## Your goal
Instruction for the data below: set down exactly the lines from the line with "that on an independent" to the line with "between S and", inclusive, and no others.

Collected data

Definition bad_event (R : realType) d (C : {set hyp d}) (V : {set {set 'I_d}})
    n m (eps : R) (D : 'I_n -> {ffun labeled d -> R})
    (S : {ffun 'I_n -> {ffun 'I_m -> labeled d}}) : bool :=
  [exists h : {ffun 'I_n -> hyp d},
     [&& admissible d C V n h,
         (n * m)%:R^-1 * (\sum_(i < n) \sum_(j < m)
            ((h i (S i j).1 != (S i j).2) : nat)%:R) <= eps &
         4 * eps <= n%:R^-1 *
            (\sum_(i < n) \sum_(z : labeled d | h i z.1 != z.2) D i z)]].

Definition delta_gen_D (R : realType) d (C : {set hyp d}) (V : {set {set 'I_d}})
    n m (eps : R) (D : 'I_n -> {ffun labeled d -> R}) : R :=
  \sum_(S : {ffun 'I_n -> {ffun 'I_m -> labeled d}} | bad_event R d C V n m eps D S)
     \prod_(i < n) \prod_(j < m) D i (S i j).

Definition delta_gen (R : realType) d (C : {set hyp d}) (V : {set {set 'I_d}})
    n m (eps : R) : R :=
  sup [set delta_gen_D R d C V n m eps D | D in
         [set D : 'I_n -> {ffun labeled d -> R} | forall i, is_dist R d (D i)]]%classic.

Definition shatter d (C : {set hyp d}) (V : {set {set 'I_d}}) n m : nat :=
  \max_(S : {ffun 'I_n -> {ffun 'I_m -> point d}})
    #|[set ([ffun i => [ffun j => h i (S i j)]] : {ffun 'I_n -> {ffun 'I_m -> bool}})
        | h : {ffun 'I_n -> hyp d} in [set h | admissible d C V n h]]|.

From Pilot Require Import Defs.
From HB Require Import structures.
From mathcomp Require Import all_boot all_order all_algebra.
From mathcomp Require Import all_classical all_reals.
From mathcomp.analysis Require Import sequences exp.
From mathcomp Require Import lra.
Import Order.TTheory GRing.Theory Num.Theory.
Local Open Scope ring_scope.

(* Symmetrization with a ghost sample.  If the sample S is bad, witnessed by h with at most
   k = n m eps empirical mistakes and average true error at least 4 eps, a Chernoff bound shows
   that on an independent ghost sample S' the same h makes at least 2 k mistakes with
   probability at least 1/2; hence delta_gen <= 2 P[G], where G says that some admissible h
   makes at most k mistakes on S and at least 2 k on S'.  Swapping any pattern of coordinates
   between S and S' preserves the product distribution, so P[G] is the average over swap
   patterns.  Once the 2 m points of each task are fixed, G only depends on the labeling that
   h induces on them, of which there are at most Pi(n, 2 m), and for a fixed labeling an
   exponential-moment bound shows that at most a fraction e^(-k/10) of the swap patterns
   leave at most k mistakes on one side and at least 2 k on the other. *)

Lemma bigA_distr_bigA2 (R : comNzRingType) (I J T : finType) (F : I -> J -> T -> R) :
  \sum_(s : {ffun I -> {ffun J -> T}}) \prod_i \prod_j F i j (s i j)
  = \prod_i \prod_j \sum_t F i j t.
Proof.
rewrite (eq_bigr (fun i => \sum_(g : {ffun J -> T}) \prod_j F i j (g j))).
  by rewrite bigA_distr_bigA.
by move=> i _; rewrite bigA_distr_bigA.
Qed.

Section ExponentialMoments.
Variable R : realType.

Lemma indicator_le_expR (b : bool) (x : R) : (b -> 0 <= x) -> (b : nat)%:R <= expR x.
Proof.
by case: b => [/(_ isT) x0 | _] /=; [apply: le_trans (expR_ge1Dx x); lra | exact: expR_ge0].
Qed.

Lemma expR_moment_factor (I J T : finType) (w f : I -> J -> T -> R) :
  \sum_(s : {ffun I -> {ffun J -> T}})
      (\prod_i \prod_j w i j (s i j)) * expR (\sum_i \sum_j f i j (s i j))
  = \prod_i \prod_j \sum_t w i j t * expR (f i j t).
Proof.
rewrite -bigA_distr_bigA2; apply: eq_bigr => s _.
rewrite expR_sum -big_split; apply: eq_bigr => i _.
by rewrite expR_sum -big_split.
Qed.

Lemma card_ffun2_bool (I J : finType) :
  #|{: {ffun I -> {ffun J -> bool}}}|%:R = \prod_(i : I) \prod_(j : J) (2 : R).
Proof.
have -> : (2 : R) = \sum_(b : bool) 1 by rewrite big_bool.
rewrite -(@bigA_distr_bigA2 R _ _ _ (fun _ _ _ => 1)) -sumr_const.
apply: eq_bigr => s _; rewrite big1 // => i _; exact: big1.
Qed.

Lemma ln2_le1 : ln (2 : R) <= 1.
Proof. by have := @le_ln1Dx R 1; rewrite -[1 + 1]/2; apply; lra. Qed.

Lemma expR4_ge32 : 32 <= expR (4 : R).
Proof.
have e14 : 5/4 <= expR (1/4 : R) by have := expR_ge1Dx (1/4 : R); lra.
have -> : (4 : R) = 16%:R * (1/4) by rewrite -[16%:R]/16; lra.
rewrite expRM_natl.
have : (5/4 : R) ^+ 16 <= expR (1/4) ^+ 16 by rewrite lerXn2r // ?nnegrE; lra.
suff : 32 <= (5/4 : R) ^+ 16 by lra.
rewrite !exprS expr0; lra.
Qed.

## Written answer
   that on an independent ghost sample S' the same h makes at least 2 k mistakes with
   probability at least 1/2; hence delta_gen <= 2 P[G], where G says that some admissible h
   makes at most k mistakes on S and at least 2 k on S'.  Swapping any pattern of coordinates
   between S and S' preserves the product distribution, so P[G] is the average over swap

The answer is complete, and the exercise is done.